The Kal-Haven Trail, formally known as the Kal-Haven Trail Sesquicentennial State Park, is a rail trail that originally ran 33.5 miles (55 km) between South Haven, Michigan, to a point just west of the city of Kalamazoo, Michigan, where there is a trailhead. In 2008 the trail was extended east from the trailhead to downtown Kalamazoo as part of the Kalamazoo River Valley Trail.
Most of the trail is in Van Buren County and that county operates it between the trailhead and South Haven, including the parts within Kalamazoo County. The Van Buren-controlled portion previously required a trail pass, but as of 2011, the usage fee was dropped.
The Kal-Haven Trail runs along the former route of the Kalamazoo and South Haven Railroad, as does a section of the Kalamazoo River Valley Trail. It traverses wooded areas, farmland and small towns. It is primarily used by hikers and bicyclists in the summer, and by snowmobilers in the winter. The trail is surfaced with crushed limestone. Horseback riding is allowed on an 11-mile section adjacent to the trail. The starting point for riding is at 67th street and Baseline road.
There are two primitive campgrounds that can be used at an additional cost. One, near Gobles, has water and a toilet. The other near South Haven has a toilet but no water.
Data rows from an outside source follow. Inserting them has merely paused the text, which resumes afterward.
Lemma loclipV f : loclip f -> (forall p, 0 < f p) -> loclip (fun p => (f p)^-1).
Proof.
move=> hf fpos p0; have [r r0 [L L0 H]] := hf p0.
set c := f p0 / 2; have c0 : 0 < c by rewrite divr_gt0 ?fpos.
set r' := Num.min r (c / (L + 1)).
have L1 : 0 < L + 1 by rewrite ltr_wpDl.
have r'r p : cnorm (p - p0) < r' -> cnorm (p - p0) < r.
  by move/lt_le_trans; apply; rewrite ge_min lexx.
have lower p : cnorm (p - p0) < r' -> c <= f p.
  move=> hp; have hp0 : cnorm (p0 - p0) < r.
    by rewrite subrr cnorm0; apply: le_lt_trans (r'r _ hp); apply: cnorm_ge0.
  have := H p p0 (r'r _ hp) hp0.
  have : L * cnorm (p - p0) <= c.
    move: hp; rewrite lt_min => /andP[_]; rewrite ltr_pdivlMr // => hp.
    have := cnorm_ge0 (p - p0); nra.
  have := ler_norm (f p0 - f p); rewrite distrC /c; lra.
exists r'; first by rewrite lt_min r0 divr_gt0.
exists (c ^- 2 * L); first by rewrite mulr_ge0 // invr_ge0 exprn_ge0 // ltW.
move=> p p' hp hp'.
apply: le_trans (lipschitz_invr c0 (lower p hp) (lower p' hp')) _.
rewrite -mulrA ler_wpM2l ?invr_ge0 ?exprn_ge0 ?(ltW c0) //.
exact: H (r'r _ hp) (r'r _ hp').
Qed.

Lemma loclip_expR f : loclip f -> loclip (fun p => expR (f p)).
Proof.
apply: (@loclip_comp (fun _ => True)) => // B _.
exists (expR B); first exact: ltW (expR_gt0 _).
by move=> x x' _ _ hx hx'; apply: lipschitz_expR.
Qed.

Lemma loclip_maxr f (c : R) : loclip f -> loclip (fun p => Num.max (f p) c).
Proof.
apply: (@loclip_comp (fun _ => True) (fun x => Num.max x c)) => // B _.
by exists 1 => // x x' _ _ _ _; rewrite mul1r lipschitz_maxr.
Qed.

Lemma loclip_rep_gain f (ra e : R) : 0 <= ra -> 0 < e -> loclip f ->
  (forall p, 0 <= f p) -> loclip (fun p => rep_gain ra e (Num.min (f p) ra)).
Proof.
move=> ra0 e0 hf f0.
apply: (@loclip_comp (fun x => 0 <= x) (fun x => rep_gain ra e (Num.min x ra))) => // B _.
exists (`|ra + e| * e ^- 2); first by rewrite mulr_ge0 // invr_ge0 exprn_ge0 // ltW.
move=> x x' x0 x'0 _ _; apply: le_trans (lipschitz_rep_gain ra e0 _ _) _;
  rewrite ?le_min ?x0 ?x'0 //.
by rewrite ler_wpM2l ?mulr_ge0 ?invr_ge0 ?exprn_ge0 ?(ltW e0) // lipschitz_minr.
Qed.

Lemma loclip_sqr_over_max f g : loclip f -> loclip g -> (forall p, 0 <= f p) ->
  loclip (fun p => sqr_over_max (f p) (g p)).
Proof.
move=> hf hg f0; apply: (@loclip_comp2 (fun x => 0 <= x) _ _ _ _ f0 hf hg) => B _.
by exists 2 => // x y x' y' x0 x'0 _ _ _ _; apply: lipschitz_sqr_over_max.
Qed.

Definition loclipv (u : M -> 'rV[R]_d) := forall j, loclip (fun p => u p 0 j).

Lemma loclip_uniform (I : eqType) (s : seq I) (F : I -> M -> R) :
  (forall k, loclip (F k)) -> forall p0 : M,
  exists2 r : R, 0 < r & exists2 L : R, 0 <= L &
  forall k p p', k \in s -> cnorm (p - p0) < r -> cnorm (p' - p0) < r ->
    `|F k p - F k p'| <= L * cnorm (p - p').
Proof.
move=> hF p0; elim: s => [|a s [r r0 [L L0 H]]].
  by exists 1 => //; exists 0 => // k p p'; rewrite in_nil.
have [ra ra0 [La La0 Ha]] := hF a p0.
exists (Num.min r ra); first by rewrite lt_min r0 ra0.
exists (L + La); first by rewrite addr_ge0.
move=> k p p'; rewrite inE !lt_min => /orP[/eqP->|ks] /andP[h1 h2] /andP[h3 h4].
  by apply: le_trans (Ha _ _ h2 h4) _; rewrite ler_wpM2r ?cnorm_ge0 // lerDr.
by apply: le_trans (H _ _ _ ks h1 h3) _; rewrite ler_wpM2r ?cnorm_ge0 // lerDl.
Qed.

Lemma loclipv_lipschitz (u : M -> 'rV[R]_d) : loclipv u -> forall p0 : M,
  exists2 r : R, 0 < r & exists2 L : R, 0 <= L &
  forall p p', cnorm (p - p0) < r -> cnorm (p' - p0) < r ->
    vnorm (u p - u p') <= L * cnorm (p - p').
Proof.
move=> hu p0; have [r r0 [L L0 H]] := loclip_uniform (index_enum 'I_d) hu p0.
exists r => //; exists (d%:R * L); first by rewrite mulr_ge0.
move=> p p' hp hp'; apply: le_trans (vnorm_le_sum_abs _) _.
apply: le_trans (_ : \sum_(j < d) L * cnorm (p - p') <= _).
  by apply: ler_sum => j _; rewrite !mxE; apply: H; rewrite ?mem_index_enum.
by rewrite sumr_const card_ord -mulrA mulr_natl.
Qed.

Lemma loclipv_locally_lipschitz (u : M -> 'rV[R]_d) : loclipv u -> locally_lipschitz u.
Proof.
move=> hu p0; have [r r0 [L _ H]] := loclipv_lipschitz hu p0.
by exists r; split=> //; exists L.
Qed.

Lemma loclip_vnorm (u : M -> 'rV[R]_d) : loclipv u -> loclip (fun p => vnorm (u p)).
Proof.
move=> hu p0; have [r r0 [L L0 H]] := loclipv_lipschitz hu p0.
exists r => //; exists L => // p p' hp hp'.
exact: le_trans (ler_dist_vnorm _ _) (H _ _ hp hp').
Qed.

Lemma loclipv_eq (u w : M -> 'rV[R]_d) : u =1 w -> loclipv u -> loclipv w.
Proof. by move=> uw hu j; apply: loclip_eq (hu j) => p; rewrite uw. Qed.

Lemma loclipv_cst (w : 'rV[R]_d) : loclipv (fun _ => w).
Proof. by move=> j; apply: loclip_cst. Qed.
Van Buren County offered a shuttle service through Van Buren Public Transit from South Haven to Kalamazoo and can accommodate up to four bikes and their riders. As of 8/14/2015 this service was no longer offered.
Currently the trail passes through the following locations, from east to west:
The trail is owned by the state of Michigan but, due to state budget cutbacks, in 2004 operation was taken over by Van Buren County, including the portion in Kalamazoo County. A trail pass system was re-instituted to pay for trail maintenance, but was dropped again in 2011.
The Kalamazoo Trail Head to South Haven Trail Head contain major deer fly populations. You pass through small towns, one notably is Gobles, Michigan. Throughout this trail are many cautionary signs, such as Stop Sign and stop ahead.
Several miles south of the western terminus is another trail—the Van Buren Trail State Park. This is also an old railroad bed, ending in Hartford, Michigan. The trail is unimproved and the largest group of users are snowmobilers and horse and buggy riders. This is also operated by Van Buren County. The trail pass is valid for both.
For the Kalamazoo River Valley Trail, in November 2004 the State of Michigan completed a tunnel underneath the U.S. Highway 131 freeway, which was the major impediment to extending the trail to downtown Kalamazoo. The city of Kalamazoo approved a $1 million project to extend the trail southeast under U.S. 131 along Ravine Road to Westnedge Avenue in downtown Kalamazoo. Most of the extension was built along the former roadbed of the Kalamazoo and South Haven Railroad.